» **Your task**: Type again, exactly, the lines below from the start through the line that includes "by split; [apply: ueq_trans".

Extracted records
■ ■ ■ ■ ■ ■ ■
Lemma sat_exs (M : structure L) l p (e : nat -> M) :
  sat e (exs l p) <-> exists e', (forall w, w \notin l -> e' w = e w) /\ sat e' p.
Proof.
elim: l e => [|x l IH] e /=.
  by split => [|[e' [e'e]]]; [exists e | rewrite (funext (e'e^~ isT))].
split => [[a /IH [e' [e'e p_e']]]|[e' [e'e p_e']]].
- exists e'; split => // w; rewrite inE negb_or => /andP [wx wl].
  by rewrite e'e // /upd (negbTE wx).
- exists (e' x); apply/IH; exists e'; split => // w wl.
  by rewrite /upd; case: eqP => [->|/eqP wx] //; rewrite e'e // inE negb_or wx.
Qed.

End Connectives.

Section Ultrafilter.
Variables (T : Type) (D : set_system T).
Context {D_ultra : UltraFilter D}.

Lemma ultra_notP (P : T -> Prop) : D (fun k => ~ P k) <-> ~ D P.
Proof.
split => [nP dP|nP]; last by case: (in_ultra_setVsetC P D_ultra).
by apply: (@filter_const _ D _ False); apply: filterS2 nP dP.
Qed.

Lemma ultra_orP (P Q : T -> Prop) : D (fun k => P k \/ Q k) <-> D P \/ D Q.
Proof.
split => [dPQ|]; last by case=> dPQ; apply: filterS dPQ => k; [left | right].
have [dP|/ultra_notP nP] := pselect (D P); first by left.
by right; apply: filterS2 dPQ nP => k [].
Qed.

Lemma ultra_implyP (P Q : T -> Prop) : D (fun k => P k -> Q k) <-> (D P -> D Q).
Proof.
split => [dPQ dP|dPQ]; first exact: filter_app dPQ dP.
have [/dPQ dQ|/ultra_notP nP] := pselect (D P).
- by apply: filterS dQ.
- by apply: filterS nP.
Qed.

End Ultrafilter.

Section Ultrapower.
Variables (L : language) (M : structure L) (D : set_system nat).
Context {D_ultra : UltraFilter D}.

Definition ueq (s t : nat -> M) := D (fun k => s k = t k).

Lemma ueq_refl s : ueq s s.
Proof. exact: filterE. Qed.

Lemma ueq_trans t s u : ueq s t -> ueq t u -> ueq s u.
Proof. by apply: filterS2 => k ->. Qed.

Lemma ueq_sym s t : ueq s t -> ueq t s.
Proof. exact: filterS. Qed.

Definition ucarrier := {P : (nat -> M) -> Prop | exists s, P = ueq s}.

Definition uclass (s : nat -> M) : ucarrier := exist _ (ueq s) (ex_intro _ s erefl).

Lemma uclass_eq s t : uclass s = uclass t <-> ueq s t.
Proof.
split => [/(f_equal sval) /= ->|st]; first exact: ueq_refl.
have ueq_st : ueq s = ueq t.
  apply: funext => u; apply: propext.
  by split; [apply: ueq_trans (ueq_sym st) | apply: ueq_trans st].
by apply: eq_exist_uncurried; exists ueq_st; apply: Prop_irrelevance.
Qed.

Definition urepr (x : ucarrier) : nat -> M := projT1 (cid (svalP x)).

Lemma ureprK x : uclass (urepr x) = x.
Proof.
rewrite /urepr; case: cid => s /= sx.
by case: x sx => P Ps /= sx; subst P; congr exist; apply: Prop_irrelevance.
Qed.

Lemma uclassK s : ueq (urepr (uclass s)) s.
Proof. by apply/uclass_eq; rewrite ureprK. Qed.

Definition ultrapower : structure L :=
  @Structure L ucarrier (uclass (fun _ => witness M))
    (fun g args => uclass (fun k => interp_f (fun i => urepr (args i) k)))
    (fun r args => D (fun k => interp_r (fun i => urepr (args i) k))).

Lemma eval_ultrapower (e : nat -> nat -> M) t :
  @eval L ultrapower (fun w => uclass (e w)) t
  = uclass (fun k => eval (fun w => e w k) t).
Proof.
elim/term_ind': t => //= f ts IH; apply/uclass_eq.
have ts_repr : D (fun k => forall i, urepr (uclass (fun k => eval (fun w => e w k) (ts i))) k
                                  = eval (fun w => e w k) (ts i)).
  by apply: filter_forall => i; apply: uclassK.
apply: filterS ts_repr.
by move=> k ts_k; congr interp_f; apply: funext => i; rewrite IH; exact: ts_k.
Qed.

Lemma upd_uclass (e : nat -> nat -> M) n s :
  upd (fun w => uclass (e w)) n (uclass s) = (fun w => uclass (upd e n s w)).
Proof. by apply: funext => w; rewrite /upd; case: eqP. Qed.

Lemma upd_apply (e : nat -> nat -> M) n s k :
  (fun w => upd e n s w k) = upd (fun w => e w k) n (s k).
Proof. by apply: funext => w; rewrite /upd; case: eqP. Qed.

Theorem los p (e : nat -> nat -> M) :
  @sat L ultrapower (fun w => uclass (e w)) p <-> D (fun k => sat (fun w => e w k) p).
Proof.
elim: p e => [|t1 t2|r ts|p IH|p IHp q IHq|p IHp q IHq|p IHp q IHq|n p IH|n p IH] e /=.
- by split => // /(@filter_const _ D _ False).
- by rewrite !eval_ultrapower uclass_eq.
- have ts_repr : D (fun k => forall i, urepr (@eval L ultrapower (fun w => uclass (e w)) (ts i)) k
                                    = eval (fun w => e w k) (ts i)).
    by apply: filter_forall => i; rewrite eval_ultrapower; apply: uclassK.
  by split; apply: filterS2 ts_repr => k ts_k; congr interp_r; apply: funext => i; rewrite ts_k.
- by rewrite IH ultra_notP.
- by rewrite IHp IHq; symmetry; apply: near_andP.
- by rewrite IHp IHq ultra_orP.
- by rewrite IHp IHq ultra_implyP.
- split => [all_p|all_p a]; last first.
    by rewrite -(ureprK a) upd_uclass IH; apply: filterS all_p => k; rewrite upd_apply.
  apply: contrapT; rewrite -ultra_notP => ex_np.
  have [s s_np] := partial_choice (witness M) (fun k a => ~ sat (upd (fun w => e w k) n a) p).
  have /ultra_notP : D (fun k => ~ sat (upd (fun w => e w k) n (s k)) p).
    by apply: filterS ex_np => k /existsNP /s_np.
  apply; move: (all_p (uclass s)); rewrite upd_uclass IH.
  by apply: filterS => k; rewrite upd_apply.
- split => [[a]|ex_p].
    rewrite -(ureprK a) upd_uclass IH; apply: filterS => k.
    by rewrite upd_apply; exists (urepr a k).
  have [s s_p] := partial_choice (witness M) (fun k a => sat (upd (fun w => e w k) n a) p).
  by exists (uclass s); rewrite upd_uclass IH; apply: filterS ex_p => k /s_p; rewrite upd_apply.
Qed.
■ ■ ■ ■ ■ ■ ■
» **Response below**:
Lemma sat_exs (M : structure L) l p (e : nat -> M) :
  sat e (exs l p) <-> exists e', (forall w, w \notin l -> e' w = e w) /\ sat e' p.
Proof.
elim: l e => [|x l IH] e /=.
  by split => [|[e' [e'e]]]; [exists e | rewrite (funext (e'e^~ isT))].
split => [[a /IH [e' [e'e p_e']]]|[e' [e'e p_e']]].
- exists e'; split => // w; rewrite inE negb_or => /andP [wx wl].
  by rewrite e'e // /upd (negbTE wx).
- exists (e' x); apply/IH; exists e'; split => // w wl.
  by rewrite /upd; case: eqP => [->|/eqP wx] //; rewrite e'e // inE negb_or wx.
Qed.

End Connectives.

Section Ultrafilter.
Variables (T : Type) (D : set_system T).
Context {D_ultra : UltraFilter D}.

Lemma ultra_notP (P : T -> Prop) : D (fun k => ~ P k) <-> ~ D P.
Proof.
split => [nP dP|nP]; last by case: (in_ultra_setVsetC P D_ultra).
by apply: (@filter_const _ D _ False); apply: filterS2 nP dP.
Qed.

Lemma ultra_orP (P Q : T -> Prop) : D (fun k => P k \/ Q k) <-> D P \/ D Q.
Proof.
split => [dPQ|]; last by case=> dPQ; apply: filterS dPQ => k; [left | right].
have [dP|/ultra_notP nP] := pselect (D P); first by left.
by right; apply: filterS2 dPQ nP => k [].
Qed.

Lemma ultra_implyP (P Q : T -> Prop) : D (fun k => P k -> Q k) <-> (D P -> D Q).
Proof.
split => [dPQ dP|dPQ]; first exact: filter_app dPQ dP.
have [/dPQ dQ|/ultra_notP nP] := pselect (D P).
- by apply: filterS dQ.
- by apply: filterS nP.
Qed.

End Ultrafilter.

Section Ultrapower.
Variables (L : language) (M : structure L) (D : set_system nat).
Context {D_ultra : UltraFilter D}.

Definition ueq (s t : nat -> M) := D (fun k => s k = t k).

Lemma ueq_refl s : ueq s s.
Proof. exact: filterE. Qed.

Lemma ueq_trans t s u : ueq s t -> ueq t u -> ueq s u.
Proof. by apply: filterS2 => k ->. Qed.

Lemma ueq_sym s t : ueq s t -> ueq t s.
Proof. exact: filterS. Qed.

Definition ucarrier := {P : (nat -> M) -> Prop | exists s, P = ueq s}.

Definition uclass (s : nat -> M) : ucarrier := exist _ (ueq s) (ex_intro _ s erefl).

Lemma uclass_eq s t : uclass s = uclass t <-> ueq s t.
Proof.
split => [/(f_equal sval) /= ->|st]; first exact: ueq_refl.
have ueq_st : ueq s = ueq t.
  apply: funext => u; apply: propext.
  by split; [apply: ueq_trans (ueq_sym st) | apply: ueq_trans st].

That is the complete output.